Q2 sees highest quarterly house purchase figures in 13 years

The second quarter of 2021 saw the highest quarterly levels of homeowner purchase activity in 13 years, according to a new report published by UK Finance.

This comes as 124,520 homeowner purchases were recorded in June, the highest monthly level since comparable records began in 2005.

UK Finance’s Household Finance Review suggested that recent lending has been driven in large part by the stamp duty holiday – a combination of purchases brought forward to take advantage of the tax break, as well as additional activity that might not have taken place were it not for the holiday. The banking body also said that current levels reflect delayed purchase activity from when the housing market was put on pause in the first set of lockdowns in Q2 2020.
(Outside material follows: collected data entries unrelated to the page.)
(* Let $\eta\colon K[x]\to\Gamma'\cup\{\infty\}$ be a valuation extending $v$, with respect to some order-preserving embedding $\iota\colon\Gamma\hookrightarrow\Gamma'$ of ordered abelian groups, and embed $\Gamma_{\mathbb Q}\hookrightarrow\Gamma'_{\mathbb Q}$ via $\iota\otimes\mathbb Q$. Then the following are equivalent: (1) $\eta(f)\le\mu(f)$ for all $f\in K[x]$ and all $\mu\in\mathbb V$; (2) $\eta(x)<\gamma$ for all $\gamma\in\Gamma_{\mathbb Q}$; (3) $\eta$ is equivalent to $\mu_{-\infty}$.
   Context: Let $(K,v)$ be a valued field with non-trivial value group $\Gamma=v(K^* )$, and let $\Gamma_{\mathbb Q}=\Gamma\otimes\mathbb Q$ with its induced order (similarly $\Gamma'_{\mathbb Q}=\Gamma'\otimes\mathbb Q$). Let $\mathbb V$ be the set of valuations $\mu\colon K[x]\to\Gamma_{\mathbb Q}\cup\{\infty\}$ whose restriction to $K$ is $v$. The valuation $\mu_{-\infty}\colon K[x]\to(\mathbb Z\times\Gamma)_{\mathrm{lex}}\cup\{\infty\}$ is $f\mapsto(-\deg f,\,v(\mathrm{lc}(f)))$, where $\mathrm{lc}(f)$ is the leading coefficient and $(\mathbb Z\times\Gamma)_{\mathrm{lex}}$ has the lexicographic order. Two valuations $\eta,\eta'$ on $K[x]$ are equivalent if there is an order-preserving group isomorphism $j$ between their value groups with $\eta=j\circ\eta'$ on $K[x]\setminus\{0\}$. *)

From mathcomp Require Import all_boot all_order all_algebra.
Set Implicit Arguments. Unset Strict Implicit. Unset Printing Implicit Defensive.
Import Order.TTheory GRing.Theory Num.Theory.
Local Open Scope ring_scope.

Definition is_oag (G : zmodType) (le : rel G) : Prop :=
  [/\ reflexive le, transitive le, antisymmetric le, total le &
      forall x y z : G, le x y -> le (x + z) (y + z)].

Definition ltof (T : eqType) (le : rel T) (x y : T) : bool := le x y && (x != y).

(* G ∪ {∞} is modelled by [option G], with [None] = ∞. *)
Definition ole (G : Type) (le : rel G) (a b : option G) : bool :=
  match a, b with
  | _, None => true
  | None, Some _ => false
  | Some x, Some y => le x y
  end.

Definition oadd (G : zmodType) (a b : option G) : option G :=
  match a, b with
  | Some x, Some y => Some (x + y)
  | _, _ => None
  end.

Definition omin (G : Type) (le : rel G) (a b : option G) : option G :=
  if ole le a b then a else b.

Definition is_valuation (R : nzRingType) (G : zmodType) (le : rel G)
    (w : R -> option G) : Prop :=
  [/\ forall a, w a = None <-> a = 0,
      w 1 = Some 0,
      forall a b, w (a * b) = oadd (w a) (w b) &
      forall a b, ole le (omin le (w a) (w b)) (w (a + b))].

(* (H, leH, j) is the divisible hull G ⊗ Q of the ordered abelian group
   (G, leG), with its induced order, j : G -> G ⊗ Q being g |-> g ⊗ 1. *)
Definition divisible_hull (G H : zmodType) (leG : rel G) (leH : rel H)
    (j : G -> H) : Prop :=
  [/\ is_oag leH,
      forall x y, j (x + y) = j x + j y,
      forall x y, leH (j x) (j y) = leG x y,
      forall (h : H) (n : nat), (0 < n)%N -> exists h' : H, h' *+ n = h &
      forall h : H, exists n : nat, (0 < n)%N /\ exists g : G, j g = h *+ n].

(* The value group of a valuation w on R: the subgroup of G generated by
   w(R \ {0}), i.e. the set of differences w a - w b with a, b nonzero. *)
Definition value_group (R : nzRingType) (G : zmodType) (w : R -> option G)
    (g : G) : Prop :=
  exists a b : R, exists x y : G,
    [/\ a != 0, b != 0, w a = Some x, w b = Some y & g = x - y].

Definition equiv_val (R : nzRingType) (G1 G2 : zmodType)
    (le1 : rel G1) (w1 : R -> option G1)
    (le2 : rel G2) (w2 : R -> option G2) : Prop :=
  exists J : G2 -> G1,
    [/\ forall x y, value_group w2 x -> value_group w2 y -> J (x + y) = J x + J y,
        forall x y, value_group w2 x -> value_group w2 y -> le1 (J x) (J y) = le2 x y,
        forall x, value_group w2 x -> value_group w1 (J x),
        forall y, value_group w1 y -> exists2 x, value_group w2 x & J x = y &
        forall f, f != 0 -> w1 f = omap J (w2 f)].

Definition lexle (G : zmodType) (le : rel G) (a b : int * G) : bool :=
  (a.1 < b.1) || ((a.1 == b.1) && le a.2 b.2).

Definition mu_minf (K : fieldType) (G : zmodType) (v : K -> option G)
    (f : {poly K}) : option (int * G) :=
  omap (fun g => (- ((size f).-1)%:Z, g)) (v (lead_coef f)).

From mathcomp Require Import all_boot all_order all_algebra.
Set Implicit Arguments. Unset Strict Implicit. Unset Printing Implicit Defensive.
Import Order.TTheory GRing.Theory Num.Theory.
Local Open Scope ring_scope.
With most delayed purchases now likely to have completed and the stamp duty holiday now in its final tapering phase, demand had been expected to decline, although UK Finance stated that the stamp duty holiday is “not the only factor in play”.

“The extension of the stamp duty holiday has played a vital role in the positive statistics published today by UK Finance,” commented TMA Club development director, Lisa Martin.

“This coupled with the reintroduction of 95% mortgage products, record low fixed interest rates and other government support schemes has provided a boost to the market throughout Q2.

“However, with final tiering of the stamp duty holiday and other government support soon coming to an end, it will be important that strong, credible alternative schemes are developed and adopted for the housing market to continue to grow and thrive.”

The Household Finance Review also highlighted that mortgage arrears levels remain at low levels, due in part to payment deferrals and the furlough scheme that was introduced last year.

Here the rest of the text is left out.